# WORK ITEM
Each line below from the one containing "lterm n) : Prop" through the one containing "(* Write w = U(x)" should be output exactly as it stands, and no other line should appear.

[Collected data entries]

(* Let $m,n$ be positive integers and let $U,V,U_0,\dots,U_{n-1},V_0,\dots,V_{n-1}$ be elements of the free lattice $\mathrm{F}_{\mathbf{L}}(m)$ (viewed as lattice terms in $m$ variables). Let $\mathbf{x}_0,\dots,\mathbf{x}_{m-1},\mathbf{y}_0,\dots,\mathbf{y}_{m-1}$ be the canonical free generators of $\mathrm{F}_{\mathbf{L}}(2m)$, and write $\vec{\mathbf{x}}=(\mathbf{x}_i)_{i<m}$, $\vec{\mathbf{y}}=(\mathbf{y}_i)_{i<m}$. Let $R\in\mathrm{F}_{\mathbf{L}}(n)$. If the inequality \[ U(\vec{\mathbf{x}})\wedge V(\vec{\mathbf{y}})\leq R\bigl(U_j(\vec{\mathbf{x}})\wedge V_j(\vec{\mathbf{y}})\mid j<n\bigr) \] holds in $\mathrm{F}_{\mathbf{L}}(2m)$, then there exists a pure meet polynomial $R^*\leq R$ (in $\mathrm{F}_{\mathbf{L}}(n)$) such that \[ U(\vec{\mathbf{x}})\wedge V(\vec{\mathbf{y}})\leq R^*\bigl(U_j(\vec{\mathbf{x}})\wedge V_j(\vec{\mathbf{y}})\mid j<n\bigr). \]
   Context: $\mathrm{F}_{\mathbf{L}}(k)$ denotes the free lattice on $k$ generators. A pure meet polynomial in $\mathrm{F}_{\mathbf{L}}(n)$ is an element of the form $\bigwedge_{i\in I}\mathbf{z}_i$, where $\mathbf{z}_0,\dots,\mathbf{z}_{n-1}$ are the free generators of $\mathrm{F}_{\mathbf{L}}(n)$ and $I$ is a nonempty subset of $\{0,1,\dots,n-1\}$. *)

(* Free lattice F_L(k) modelled as lattice terms in k
   variables, with the order of F_L(k): s <= t iff the inequality holds
   in every lattice under every assignment of the variables. *)
From HB Require Import structures.
From mathcomp Require Import all_boot all_order.
Set Implicit Arguments. Unset Strict Implicit. Unset Printing Implicit Defensive.
Import Order.TTheory.
Local Open Scope order_scope.

Inductive lterm (k : nat) : Type :=
| LVar of 'I_k
| LMeet of lterm k & lterm k
| LJoin of lterm k & lterm k.

Arguments LVar {k}.
Arguments LMeet {k}.
Arguments LJoin {k}.

Fixpoint leval {k : nat} {d : Order.disp_t} {L : latticeType d}
  (a : 'I_k -> L) (t : lterm k) : L :=
  match t with
  | LVar i => a i
  | LMeet s u => leval a s `&` leval a u
  | LJoin s u => leval a s `|` leval a u
  end.

Definition fl_le {k : nat} (s t : lterm k) : Prop :=
  forall (d : Order.disp_t) (L : latticeType d) (a : 'I_k -> L),
    leval a s <= leval a t.

Definition fl_eq {k : nat} (s t : lterm k) : Prop := fl_le s t /\ fl_le t s.

Fixpoint lsubst {n k : nat} (sigma : 'I_n -> lterm k) (t : lterm n) : lterm k :=
  match t with
  | LVar i => sigma i
  | LMeet s u => LMeet (lsubst sigma s) (lsubst sigma u)
  | LJoin s u => LJoin (lsubst sigma s) (lsubst sigma u)
  end.

Definition xgen {m : nat} (i : 'I_m) : lterm (m + m) := LVar (lshift m i).
Definition ygen {m : nat} (i : 'I_m) : lterm (m + m) := LVar (rshift m i).

Fixpoint meet_list {n : nat} (i0 : 'I_n) (s : seq 'I_n) : lterm n :=
  match s with
  | [::] => LVar i0
  | j :: s' => LMeet (LVar i0) (meet_list j s')
  end.

Definition pure_meet {n : nat} (t : lterm n) : Prop :=
  exists (i0 : 'I_n) (s : seq 'I_n), fl_eq t (meet_list i0 s).

From HB Require Import structures.
From mathcomp Require Import all_boot all_order.
From Stdlib Require Import Classical ClassicalDescription.
Set Implicit Arguments. Unset Strict Implicit. Unset Printing Implicit Defensive.
Import Order.TTheory.
Local Open Scope order_scope.

(* Write w = U(x) /\ V(y) and s_j = U_j(x) /\ V_j(y).  Neither U(x) nor V(y) lies
   below any term in the s_j: in the two-element lattice send x to 1 and y to 0
   (or conversely), which makes every s_j equal to 0.  By Whitman's condition (W),
   w <= p(s) \/ q(s) therefore forces w <= p(s) or w <= q(s), so by induction R is
   true under the Boolean valuation j |-> [w <= s_j].  The meet R* of the
   variables true under that valuation is then below R, and above w after
   substituting the s_j.
   Condition (W) in the free lattice is proved semantically: if it failed, a
   product of countermodels would give a lattice where a1 /\ a2 <= b1 \/ b2 fails
   (W), and Day's doubling of the interval [a1 /\ a2, b1 \/ b2] would refute
   a1 /\ a2 <= b1 \/ b2 itself. *)

Section Doubling.
Context {disp : Order.disp_t} {P : latticeType disp} (al be : P).

Definition above (u : P) := (al <= u) && ~~ (u <= be).

Lemma above_le u v : above u -> u <= v -> above v.
Proof.
move=> /andP[le_al_u not_le_u_be] le_uv; rewrite /above (le_trans le_al_u) //=.
by apply: contra not_le_u_be; apply: le_trans.
Qed.

(* Day's doubling P[al, be], encoded as the pairs (u, e) whose bit is forced to
   true when [above u], to false when not [al <= u], and free on [al, be].
   Meets are then componentwise, while a join must raise its bit when it is
   [above]. *)
Definition doubling_pred (x : P *p bool) := (above x.1 ==> x.2) && (x.2 ==> (al <= x.1)).

Definition doubling := {x : P *p bool | doubling_pred x}.

HB.instance Definition _ := [isSub of doubling for (@sval _ doubling_pred)].
HB.instance Definition _ := [Choice of doubling by <:].
HB.instance Definition _ := [SubChoice_isSubPOrder of doubling by <: with Order.Disp tt tt].

Definition dval (x : doubling) : P := (val x).1.
Definition upper (x : doubling) : bool := (val x).2.

Lemma upper_above x : above (dval x) -> upper x.
Proof. by rewrite /upper /dval; case: x => [[u e] /= /andP[/implyP]]. Qed.

Lemma upper_ge x : upper x -> al <= dval x.
Proof. by rewrite /upper /dval; case: x => [[u e] /= /andP[_ /implyP]]. Qed.

Lemma doubling_leE x y : (x <= y) = (dval x <= dval y) && (upper x ==> upper y).
Proof. by rewrite leEsub leEprod /dval /upper; case: (val x).2; case: (val y).2. Qed.

Fact doubling_meet_subproof (x y : doubling) : doubling_pred (val x `&` val y).
Proof.
rewrite /doubling_pred meetEprod /=; apply/andP; split; apply/implyP.
  move=> a_xy; apply/andP; split; apply: upper_above; apply: (above_le a_xy).
    exact: leIl.
  exact: leIr.
by case/andP=> /upper_ge al_x /upper_ge al_y; rewrite lexI al_x al_y.
Qed.

Definition dmeet (x y : doubling) : doubling :=
  exist doubling_pred _ (doubling_meet_subproof x y).

Fact doubling_join_subproof (x y : doubling) :
  doubling_pred (dval x `|` dval y, [|| upper x, upper y | above (dval x `|` dval y)]).
Proof.
rewrite /doubling_pred /=; apply/andP; split; apply/implyP.
  by move=> ->; rewrite !orbT.
case/orP=> [/upper_ge al_x|/orP[/upper_ge al_y|/andP[] //]].
  exact: le_trans al_x (leUl _ _).
exact: le_trans al_y (leUr _ _).
Qed.

Definition djoin (x y : doubling) : doubling :=
  exist doubling_pred _ (doubling_join_subproof x y).

Lemma dmeetP (x y z : doubling) : (x <= dmeet y z) = (x <= y) && (x <= z).
Proof. by rewrite !leEsub /= lexI. Qed.

Lemma djoinP (x y z : doubling) : (djoin x y <= z) = (x <= z) && (y <= z).
Proof.
rewrite !doubling_leE {1}/upper /= leUx.
have [xz|] /= := boolP (dval x <= dval z); last by [].
have [yz|] /= := boolP (dval y <= dval z); last by rewrite andbF.
have above_z : above (dval x `|` dval y) ==> upper z.
  apply/implyP => above_xy; apply/upper_above/(above_le above_xy).
  by rewrite leUx xz yz.
by move: above_z; case: (upper z); case: (upper x); case: (upper y); case: (above _).
Qed.

HB.instance Definition _ :=
  Order.POrder_MeetJoin_isLattice.Build (Order.Disp tt tt) doubling dmeetP djoinP.

Fact lower_subproof u : doubling_pred (u, above u).
Proof. by rewrite /doubling_pred /= implybb; apply/implyP => /andP[]. Qed.

Definition lower (u : P) : doubling := exist doubling_pred _ (lower_subproof u).

Lemma dval_leval_lower k (a : 'I_k -> P) t : dval (leval (lower \o a) t) = leval a t.
Proof. by elim: t => //= s <- t <-. Qed.

Lemma upper_meet x y : upper (x `&` y) = upper x && upper y.
Proof. by []. Qed.

Lemma upper_join x y : upper (x `|` y) = [|| upper x, upper y | above (dval x `|` dval y)].
Proof. by []. Qed.

Lemma doubling_not_whitman x1 x2 y1 y2 :
  dval x1 `&` dval x2 = al -> dval y1 `|` dval y2 = be ->
  ~~ (dval x1 <= be) -> ~~ (dval x2 <= be) -> ~~ (al <= dval y1) -> ~~ (al <= dval y2) ->
  ~~ (x1 `&` x2 <= y1 `|` y2).
Proof.
move=> meet_al join_be x1_be x2_be al_y1 al_y2.
have upper_x1 : upper x1 by apply: upper_above; rewrite /above x1_be andbT -meet_al leIl.
have upper_x2 : upper x2 by apply: upper_above; rewrite /above x2_be andbT -meet_al leIr.
have lower_y : ~~ upper (y1 `|` y2).
  rewrite upper_join /above join_be lexx andbF orbF negb_or.
  by rewrite (contra (@upper_ge y1)) ?(contra (@upper_ge y2)).
by rewrite doubling_leE upper_meet upper_x1 upper_x2 (negbTE lower_y) andbF.
Qed.

End Doubling.

Lemma leval_lsubst k n d (L : latticeType d) (a : 'I_k -> L) (sigma : 'I_n -> lterm k) t :
  leval a (lsubst sigma t) = leval (fun i => leval a (sigma i)) t.
Proof. by elim: t => //= s -> u ->. Qed.

Lemma leval_const k d (L : latticeType d) (a : 'I_k -> L) c t :
  (forall i, a i = c) -> leval a t = c.
Proof. by move=> a_c; elim: t => /= [i|s -> u ->|s -> u ->]; rewrite ?meetxx ?joinxx. Qed.

Lemma not_fl_le k (s t : lterm k) :
  ~ fl_le s t -> exists d (L : latticeType d) (a : 'I_k -> L), ~~ (leval a s <= leval a t).
Proof.
move=> nst; apply: NNPP => no_countermodel; apply: nst => d L a.
by apply/negPn/negP => fails; apply: no_countermodel; exists d, L, a.
Qed.

Section PairAssignment.
Context {k : nat} {d1 d2 : Order.disp_t} {L1 : latticeType d1} {L2 : latticeType d2}.
Variables (a1 : 'I_k -> L1) (a2 : 'I_k -> L2).

Definition pair_assign (i : 'I_k) : L1 *p L2 := (a1 i, a2 i).

Lemma leval_pair_assign t : leval pair_assign t = (leval a1 t, leval a2 t).
Proof. by elim: t => //= s -> u ->. Qed.

Lemma le_leval_pair_assign s t :
  (leval pair_assign s <= leval pair_assign t) =
  (leval a1 s <= leval a1 t) && (leval a2 s <= leval a2 t).
Proof. by rewrite !leval_pair_assign leEprod. Qed.

End PairAssignment.

Lemma fl_whitman k (a1 a2 b1 b2 : lterm k) :
  fl_le (LMeet a1 a2) (LJoin b1 b2) ->
  [\/ fl_le a1 (LJoin b1 b2), fl_le a2 (LJoin b1 b2),
      fl_le (LMeet a1 a2) b1 | fl_le (LMeet a1 a2) b2].
Proof.
move=> le_ab; apply: NNPP => no_case.
have [d1 [L1 [c1 n1]]] := not_fl_le (fun h => no_case (Or41 _ _ _ h)).
have [d2 [L2 [c2 n2]]] := not_fl_le (fun h => no_case (Or42 _ _ _ h)).
have [d3 [L3 [c3 n3]]] := not_fl_le (fun h => no_case (Or43 _ _ _ h)).
have [d4 [L4 [c4 n4]]] := not_fl_le (fun h => no_case (Or44 _ _ _ h)).
pose c := pair_assign (pair_assign c1 c2) (pair_assign c3 c4).
have := le_ab _ (doubling (leval c (LMeet a1 a2)) (leval c (LJoin b1 b2))) (lower _ _ \o c).
apply/negP; apply: doubling_not_whitman; rewrite ?dval_leval_lower // !le_leval_pair_assign.
- by rewrite (negbTE n1).
- by rewrite (negbTE n2) andbF.
- by rewrite (negbTE n3) andbF.
- by rewrite (negbTE n4) !andbF.
Qed.

Definition fl_leb k (s t : lterm k) : bool :=
  if excluded_middle_informative (fl_le s t) then true else false.

Lemma fl_lebP k (s t : lterm k) : reflect (fl_le s t) (fl_leb s t).
Proof. by rewrite /fl_leb; case: excluded_middle_informative => h; constructor. Qed.

Section FreeLatticeOrder.
Context {k : nat}.
Implicit Types s t u : lterm k.

Lemma fl_le_meetP s t u : fl_le s (LMeet t u) <-> fl_le s t /\ fl_le s u.
Proof.
split=> [le_s_tu | [le_st le_su] d L a]; last by rewrite /= lexI le_st le_su.
by split=> d L a; have /= := le_s_tu d L a; rewrite lexI => /andP[].
Qed.

Lemma fl_le_joinl s t u : fl_le s t -> fl_le s (LJoin t u).
Proof. by move=> le_st d L a; apply: le_trans (le_st d L a) (leUl _ _). Qed.

Lemma fl_le_joinr s t u : fl_le s u -> fl_le s (LJoin t u).
Proof. by move=> le_su d L a; apply: le_trans (le_su d L a) (leUr _ _). Qed.

End FreeLatticeOrder.

Section BooleanValuation.
Context {k n : nat} (sigma : 'I_n -> lterm k).

Lemma fl_le_lsubst_of_leval w p :
  leval (fun j => fl_leb w (sigma j)) p -> fl_le w (lsubst sigma p).
Proof.
elim: p => /= [j /fl_lebP //|s IHs u IHu /andP[/IHs ws /IHu wu]|s IHs u IHu].
  exact/fl_le_meetP.
by case/orP=> [/IHs/fl_le_joinl|/IHu/fl_le_joinr].
Qed.

Lemma leval_of_fl_le_lsubst w1 w2 p :
  (forall q, ~ fl_le w1 (lsubst sigma q)) -> (forall q, ~ fl_le w2 (lsubst sigma q)) ->
  fl_le (LMeet w1 w2) (lsubst sigma p) -> leval (fun j => fl_leb (LMeet w1 w2) (sigma j)) p.
Proof.
move=> w1_low w2_low; elim: p => /= [j /fl_lebP //|s IHs u IHu|s IHs u IHu].
  by case/fl_le_meetP=> /IHs -> /IHu ->.
case/fl_whitman=> [/(w1_low (LJoin s u))[]|/(w2_low (LJoin s u))[]|/IHs ->|/IHu ->] //.
exact: orbT.
Qed.

End BooleanValuation.

Lemma meet_list_le n d (L : latticeType d) (a : 'I_n -> L) i0 s j :
  j \in i0 :: s -> leval a (meet_list i0 s) <= a j.
Proof.
elim: s i0 => [|i s IH] i0; first by rewrite mem_seq1 => /eqP ->.
rewrite in_cons => /orP[/eqP -> | j_s]; first exact: leIl.
exact: le_trans (leIr _ _) (IH i j_s).
Qed.

Lemma leval_meet_list_bool n (J : 'I_n -> bool) i0 s :
  leval J (meet_list i0 s) = all J (i0 :: s).
Proof. by elim: s i0 => [|i s IH] i0 /=; rewrite ?andbT // IH. Qed.

Definition meet_support n (J : pred 'I_n) (i0 : 'I_n) : lterm n :=
  meet_list i0 [seq j <- enum 'I_n | J j].

Lemma pure_meet_support n (J : pred 'I_n) i0 : pure_meet (meet_support J i0).
Proof. by exists i0, [seq j <- enum 'I_n | J j]; split=> d L a; rewrite lexx. Qed.

Lemma meet_support_le n (J : pred 'I_n) i0 t : leval J t -> fl_le (meet_support J i0) t.
Proof.
elim: t => /= [j Jj|s IHs u IHu /andP[/IHs ms /IHu mu]|s IHs u IHu].
- by move=> d L a; apply: meet_list_le; rewrite in_cons mem_filter mem_enum Jj orbT.
- exact/fl_le_meetP.
by case/orP=> [/IHs/fl_le_joinl|/IHu/fl_le_joinr].
Qed.

Lemma leval_meet_support n (J : pred 'I_n) i0 : J i0 -> leval J (meet_support J i0).
Proof. by move=> Ji0; rewrite leval_meet_list_bool /= Ji0 filter_all. Qed.

Section Sides.
Context {m : nat}.

Definition side (b : bool) (i : 'I_(m + m)) : bool := (i < m)%N == b.

Lemma leval_side_xgen b (X : lterm m) : leval (side b) (lsubst xgen X) = b.
Proof. by rewrite leval_lsubst; apply: leval_const => i; rewrite /side /= ltn_ord. Qed.

Lemma leval_side_ygen b (X : lterm m) : leval (side b) (lsubst ygen X) = ~~ b.
Proof.
rewrite leval_lsubst; apply: leval_const => i.
by rewrite /side /= ltnNge leq_addr; case: b.
Qed.

Context {n : nat} (A B : 'I_n -> lterm m).
Let sigma j := LMeet (lsubst xgen (A j)) (lsubst ygen (B j)).

Lemma leval_side_lsubst b q : leval (side b) (lsubst sigma q) = false.
Proof.
rewrite leval_lsubst; apply: leval_const => j.
by rewrite /= leval_side_xgen leval_side_ygen; case: b.
Qed.

Lemma xgen_not_le_lsubst (X : lterm m) q : ~ fl_le (lsubst xgen X) (lsubst sigma q).
Proof. by move/(_ _ _ (side true)); rewrite leval_side_xgen leval_side_lsubst. Qed.

Lemma ygen_not_le_lsubst (Y : lterm m) q : ~ fl_le (lsubst ygen Y) (lsubst sigma q).
Proof. by move/(_ _ _ (side false)); rewrite leval_side_ygen leval_side_lsubst. Qed.

End Sides.

Theorem lemma3p2 (m n : nat) (Hm : 0 < m) (Hn : 0 < n)
  (U V : lterm m) (Us Vs : 'I_n -> lterm m) (R : lterm n) :
  fl_le (LMeet (lsubst xgen U) (lsubst ygen V))
        (lsubst (fun j => LMeet (lsubst xgen (Us j)) (lsubst ygen (Vs j))) R) ->
  exists Rs : lterm n,
    pure_meet Rs /\ fl_le Rs R /\
    fl_le (LMeet (lsubst xgen U) (lsubst ygen V))
          (lsubst (fun j => LMeet (lsubst xgen (Us j)) (lsubst ygen (Vs j))) Rs).
Proof.
set w := LMeet _ _; set sigma := fun j => _ => le_wR.
pose J j := fl_leb w (sigma j).
have JR : leval J R.
  apply: leval_of_fl_le_lsubst le_wR => q.
    exact: xgen_not_le_lsubst.
  exact: ygen_not_le_lsubst.
have [i0 Ji0 | noJ] := pickP J; last by rewrite (leval_const _ noJ) in JR.
exists (meet_support J i0); split; first exact: pure_meet_support.
split; first exact: meet_support_le.
by apply: fl_le_lsubst_of_leval; apply: leval_meet_support.
Qed.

# EXPECTED ANSWER
Definition pure_meet {n : nat} (t : lterm n) : Prop :=
  exists (i0 : 'I_n) (s : seq 'I_n), fl_eq t (meet_list i0 s).

From HB Require Import structures.
From mathcomp Require Import all_boot all_order.
From Stdlib Require Import Classical ClassicalDescription.
Set Implicit Arguments. Unset Strict Implicit. Unset Printing Implicit Defensive.
Import Order.TTheory.
Local Open Scope order_scope.

(* Write w = U(x) /\ V(y) and s_j = U_j(x) /\ V_j(y).  Neither U(x) nor V(y) lies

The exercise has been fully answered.